NARCO Analysis May 2014

Wednesday, May 28, 2014

It’s taken me longer than I hoped to get out a Libya note, but travel and tending to clients took priority. Just a couple of quick thoughts on Libyan politics, the hydrocarbons sector, and regional ramifications.

It’s well known by now that on 16 May retired general Khalifa Haftar launched a campaign with a coalition of members of the Libyan military (such as it is) that allegedly intends to eliminate terrorism and restore stability in Libya. Simultaneously, but separately, a militia from Zintan attacked the General National Congress (GNC) and declared it defunct. Since then, Libyan nights have been marred with violence. Days see volleys of accusations from different groups – the erstwhile government in Tripoli, regional militias, political parties including the Muslim Brotherhood-affiliated Justice and Construction Party, and extremist groups like Ansar al-Sharia – each trying to portray themselves as having been wronged and as the real voice of Libyans’ aspirations.

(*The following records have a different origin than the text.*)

Section finitely_many_components.
Variables (T : topologicalType) (r r' : 'I_4 -> set T) (t : set T).
Hypotheses (r_rc : forall i, regular_closed (r i))
  (r'_rc : forall i, regular_closed (r' i)) (t_rc : regular_closed t)
  (r_cover : rc_add (rc_add (rc_add (r (inord 0)) (r (inord 1))) (r (inord 2)))
    (r (inord 3)) = @rc_one T)
  (r02 : ~ contact (r (inord 0)) (r (inord 2)))
  (r13 : ~ contact (r (inord 1)) (r (inord 3)))
  (r'0 : r' (inord 0) <> @rc_zero T)
  (r'_le : forall i, rc_le (r' i) (r i))
  (t0 : t <> @rc_zero T)
  (r'rt_conn : forall i, connected (rc_add (rc_add (r' i) (r (succ4 i))) t))
  (r't : forall i, ~ contact (r' i) t)
  (r'_next : forall i, ~ contact (r' i) (rc_mul (r (succ4 i)) (rc_compl (r' (succ4 i)))))
  (uni : unicoherent T)
  (r_fin : forall i, finite_set (components (r i)))
  (r'_fin : forall i, finite_set (components (r' i))).

Let r_closed i : closed (r i) := regular_closed_closed (r_rc i).
Let r'_closed i : closed (r' i) := regular_closed_closed (r'_rc i).
Let r'_sub i : r' i `<=` r i := rc_le_sub (r_rc i) (r'_le i).

Lemma regions_cover z : exists i, r i z.
Proof.
have : @rc_one T z by [].
by rewrite -r_cover => -[[[?|?]|?]|?]; eexists; eassumption.
Qed.

Lemma space_connected : connected [set: T].
Proof.
have [z tz] : t !=set0 by apply/set0P/eqP.
have -> : [set: T] = \bigcup_(i in [set: 'I_4]) rc_add (rc_add (r' i) (r (succ4 i))) t.
  apply/seteqP; split => // y _; have [k rky] := regions_cover y.
  by exists (succ4 (succ4 (succ4 k))) => //; left; right; rewrite succ4K4.
by apply: bigcup_connected => [|i _]; [exists z => i _; right | exact: r'rt_conn].
Qed.

(* If the component [C] meets [r (succ4 i)], clause (5) puts the meeting point
   in [r' (succ4 i)]; otherwise [C] would be a closed piece split off from the
   connected set of clause (3), which contains [t], and [t] misses [C]. *)
Lemma component_meets_next i z : r' i z ->
  exists y, connected_component (r' i) z y /\ r' (succ4 i) y.
Proof.
move=> r'iz; set C := connected_component (r' i) z.
have Csub : C `<=` r' i by exact: connected_component_sub.
have [[y [Cy rsy]]|CrI] := pselect (C `&` r (succ4 i) !=set0).
  case: (regular_closed_subU_mul_compl (r_rc (succ4 i)) (r'_rc (succ4 i)) _ rsy).
    by exists y.
  by move=> ry; exfalso; apply: (r'_next i); exists y; split => //; exact: Csub.
exfalso; have [u tu] : t !=set0 by apply/set0P/eqP.
suff /(_ u (or_intror tu)) : rc_add (rc_add (r' i) (r (succ4 i))) t `<=` C.
  by move=> /Csub r'iu; apply: (r't i); exists u.
apply: (connected_subU_closed (E := other_components (r' i) z `|` r (succ4 i) `|` t)
  (r'rt_conn i) (component_closed (x := z) (r'_closed i))).
- apply: closedU; last exact: regular_closed_closed t_rc.
  by apply: closedU; [exact: other_components_closed | exact: r_closed].
- move=> v [[/(subU_other_components z) [?|?]|?]|?].
  + by left.
  + by right; left; left.
  + by right; left; right.
  + by right; right.
- apply/seteqP; split => // v [Cv [[Dv|rv]|tv]].
  + by have : (C `&` other_components (r' i) z) v by []; rewrite component_other_componentsI.
  + by apply: CrI; exists v.
  + by apply: (r't i); exists v; split => //; exact: Csub.
- by exists z; split; [left; left | exact: connected_component_refl].
Qed.

Lemma r'_walk : exists x : nat -> T, forall j,
  r' (inZp j) (x j) /\ connected_component (r' (inZp j)) (x j) (x j.+1).
Proof.
have [x0 r'x0] : r' (inord 0) !=set0 by apply/set0P/eqP.
apply: (dependent_choice_nat (fun j => r' (inZp j))
  (fun j => connected_component (r' (inZp j))) x0).
  by rewrite (_ : inZp 0 = inord 0) //; apply: val_inj; rewrite /= inordK.
by move=> j z /component_meets_next; rewrite succ4_inZp.
Qed.

Section closed_walk.
Variable x : nat -> T.
Hypotheses (x_in : forall j, r (inZp j) (x j))
  (x_step : forall j, connected_component (r (inZp j)) (x j) (x j.+1)).

Let w j := connected_component (r (inZp j)) (x j).
Let pieces : set ('I_4 * set T) := [set p | components (r p.1) p.2].

Lemma pieces_finite : finite_set pieces.
Proof.
apply: (@sub_finite_set _ _ ([set: 'I_4] `*`` (fun i => components (r i)))) => //.
by apply: finite_setXR; [exact: finite_finset | move=> i _; exact: r_fin].
Qed.

Lemma walk_pieces j : pieces (inZp j, w j).
Proof. by exists (x j); first exact: x_in. Qed.

Section first_return.
Variables a b : nat.
Hypotheses (ab : (a < b)%N) (wb : (inZp b : 'I_4, w b) = (inZp a, w a))
  (first_return : forall j, (a < j < b)%N -> (inZp j : 'I_4, w j) <> (inZp a, w a)).

Let inner := [set (inZp j : 'I_4, w j) | j in [set j | (a < j < b)%N]].
Let B := \bigcup_(j in [set j | (a < j < b)%N]) w j.
Let Y := \bigcup_(p in pieces `\` inner) p.2.

Lemma first_return_gap : (a.+1 < b)%N.
Proof.
rewrite ltn_neqAle ab andbT; apply/eqP => eb; move: wb => [].
by rewrite -eb => h _; lia.
Qed.

Lemma inner_connected : connected B.
Proof.
have -> : B = \bigcup_(j in [set j | (a.+1 <= j <= a.+1 + (b - a - 2))%N]) w j.
  have := first_return_gap.
  by move=> gap; apply/seteqP; split => z [j /= jab wjz]; exists j => //=; lia.
apply: bigcup_chain_connected => j; first exact: component_connected.
by exists (x j.+1); split; [exact: x_step | exact: connected_component_refl].
Qed.

Lemma inner_closed : closed B.
Proof.
apply: closed_bigcup => [|j _]; first by apply: (@sub_finite_set _ _ `I_b) => // j /andP [].
exact/component_closed/r_closed.
Qed.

Leaving aside the political dimension for the moment, there are tactical and strategic problems with the current confrontation. On the tactical level, the disparate parties attacking one another are roughly evenly armed. And even if one side is capable of winning a conventional campaign, its antagonists’ ability to retaliate asymmetrically will remain intact. In other words, even if Haftar achieves an overt victory, a covert conflict will continue to destabilize Libya for the foreseeable future.

On the strategic level, Haftar’s goals are too general: combating terrorism (if that is in fact what he is doing) is more than superior firepower; it means shaping the environment to make turning to terrorism unappealing. While there is genuine frustration in Libya with the current insecurity, it is unlikely that enough Libyans will rally behind Haftar or the junta he intends to install in order to allow them to implement the political and economic policies Libya requires to shift the environment from one that accommodates terrorism to one that is hostile to it.

On the political front, it is almost silly to think much about the newly installed government of Prime Minister Ahmad Maitiq. The prime minister’s office lost any meaning two prime ministers ago, and on top of that, the process whereby Maitiq was elected illustrated perversion of parliamentary procedures rather than respect for them. It is equally silly to invest much analysis in upcoming parliamentary elections that would bring a new roster of GNC members to Tripoli or in the goings on of the stillborn constitutional committee. None of these transitional institutions has the legitimacy or capacity to function as a vehicle of popular political participation and thereby as the mechanism for restoring Libya’s political stability.

The implications for the hydrocarbons sector are plain. For explorers, there is no delta. They curtailed their activities long ago and the current situation only reinforces their decision to have done so. For producers, however, Haftar’s campaign and Maitiq’s shotgun election is likely to result in renewed disruption of upstream activity and closure of export terminals. In fact, federalist leader Ibrahim al-Jadhran, who had negotiated an agreement with former prime minister Abdallah al-Thinni to reopen terminals he had blockaded, has already hinted that he will reneg on the deal and close two of the terminals that he had reopened (Zueitina and Hariqa). There is now very little prospect of him reopening Ras Lanuf and Es-Sider. Over the long term, if Haftar emerges victorious, al-Jadhran may reopen the four terminals under his control if he is able to negotiate a satisfactory agreement with Haftar’s government, but other oil and gas installations would be vulnerable to disruption by Haftar’s opponents. Additionally, sector leadership is in flux. Omar Shakmak is currently Acting Minister of Oil and Gas and Mustafa Sanallah has taken over from Nouri Berouin as Chairman of the National Oil Corporation. In short, the restoration of Libyan production and exports is now much further off than it was two weeks ago.

As for regional ramifications, I’ll leave the implications for Egypt to the Egypt experts. On the Algerian side, Algeria has once again officially invoked its principal of non-interference, but to be sure Algiers is watching the situation closely. For the moment, however, the likelihood of spillover into Algeria is low. The current conflict in Libya is about Libya – it is about control of the state and does not include a cross-border component. There is a remote possibility that groups being targeted by Haftar could retreat beyond Libya’s borders, but even then Egypt would be a more likely candidate than Algeria, at least for the time being. Over the longer term, though, protracted instability in Libya will pose real challenges for Algeria – Libya could become training ground for jihadi organizations that are intent on targeting governments they deem to be insufficiently Islamic, including Algeria. Such a threat is not imminent, but it is more than possible, especially if fears about North African foreign fighters in Syria eventually returning home are borne out.